Getting invisible ink onto a rube’s fingertips is a difficult thing to do if you don’t have the benefit of a movie plot assisting the process. The ink on the keypad also doesn’t tell you the order in which the keys were pressed, which is a real problem if the passcode isn’t as easy to guess as “Valley Forge.” This DIY device solves both problems with a simple thermal camera. When the mark enters their passcode, their fingers heat up the keys a little bit. If you point a thermal camera at the keypad soon enough, you can see which keys they touched. If your thermal camera is sensitive, you can even see the order in which they pressed the keys by checking the exact temperatures — hottest is the last digit, coldest is the first digit.

That’s possible thanks to the TinkerForge Thermal Imaging Bricklet, which is a module equipped with a FLIR (Forward Looking InfraRed) camera. Like most consumer thermal cameras, that has a low resolution (80x60 pixels). But it is very sensitive, with precision down to 0.01°C. That is enough for to determine the difference between a key pressed 10 seconds ago and a key pressed 11 seconds ago. That Imaging Bricklet connects to a Raspberry Pi Zero 2 through a TinkerForge Master Brick 3.1, which acts as a host for TinkerForge’s range of Bricklet modules. Power comes from a Waveshare UPS HAT and the device displays its thermal analysis on a 3.5” Waveshare LCD screen.

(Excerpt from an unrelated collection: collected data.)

(* Let [F phi] be the set of paths on which [phi] holds at some position.
   By the Markov property Pr_s(shift^-1 A) = sum_t P(s,t) Pr_t(A), so if [phi]
   is null from every state of a positive chain, so is "[phi] at position i"
   for each i, and hence [F phi].  Replacing the occurrence of [phi] in [psi]
   by false and simplifying either shows that [psi] itself forces [F phi],
   so that [psi] has probability 0 <= r on a positive chain, or yields a
   strictly smaller [psi'] with [psi' => psi] and [psi => psi' \/ F phi].
   Then P_{>r}[psi'] is still consistent: positive chains lose at most the
   null set [F phi], negative chains can only lose probability.  This
   contradicts minimality. *)

From Pilot Require Import Defs.
From HB Require Import structures.
From mathcomp Require Import all_boot all_order all_algebra.
From mathcomp Require Import all_classical all_reals all_analysis.
Import Order.TTheory GRing.Theory Num.Theory.
Local Open Scope classical_set_scope.
Local Open Scope ring_scope.

Local Notation paths M := (Defs.path M).

Section Cylinders.
Context {AP : finType} {R : realType} (M : dtmc AP R).

Lemma measurable_cyl (w : seq (state M)) : measurable (cyl M w : set (paths M)).
Proof. by apply: sub_gen_smallest; exists w. Qed.

(* [X] is the countable union of the cylinders of its admissible prefixes. *)
Lemma measurable_prefix_determined (X : set (paths M)) n
    (Q : seq (state M) -> Prop) :
  (forall pi : paths M, X pi <-> Q (mkseq pi n)) -> measurable X.
Proof.
move=> HX.
pose F (k : nat) : set (paths M) :=
  if (unpickle k : option (seq (state M))) is Some w then
    (if `[< size w = n /\ Q w >] then cyl M w else set0) else set0.
have -> : X = \bigcup_k F k.
  apply/seteqP; split => pi.
    move=> /HX Hq; exists (pickle (mkseq pi n)) => //.
    rewrite /F pickleK asboolT; last by rewrite size_mkseq.
    by move=> i; rewrite size_mkseq => Hi; rewrite nth_mkseq.
  case=> k _; rewrite /F; case: (unpickle k) => [w|//].
  case: asboolP => [[Hs Hw] Hc|//]; apply/HX.
  suff -> : mkseq pi n = w by [].
  apply: (@eq_from_nth _ (init M)); first by rewrite size_mkseq.
  by move=> i; rewrite size_mkseq => Hi; rewrite nth_mkseq // Hc // Hs.
apply: bigcupT_measurable => k; rewrite /F; case: (unpickle k) => [w|//].
by case: asboolP => _; [exact: measurable_cyl|].
Qed.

MrBlack-Magic wrote his own software to analyze the heat signatures and infer their age based on current temperature. For this to work, the keypad probably needs to be a material (like metal) with a high enough specific heat capacity to absorb fingertip heat during a quick press. But that also means that the heat will dissipate soon after, so the hacker must analyze the keypad as quickly possible.

Of course, we don’t condone black hat hacking here anyway and so “real world” practicality is irrelevant. Still, this is a fun project that demonstrates what a clever hacker can do with some off-the-shelf hardware.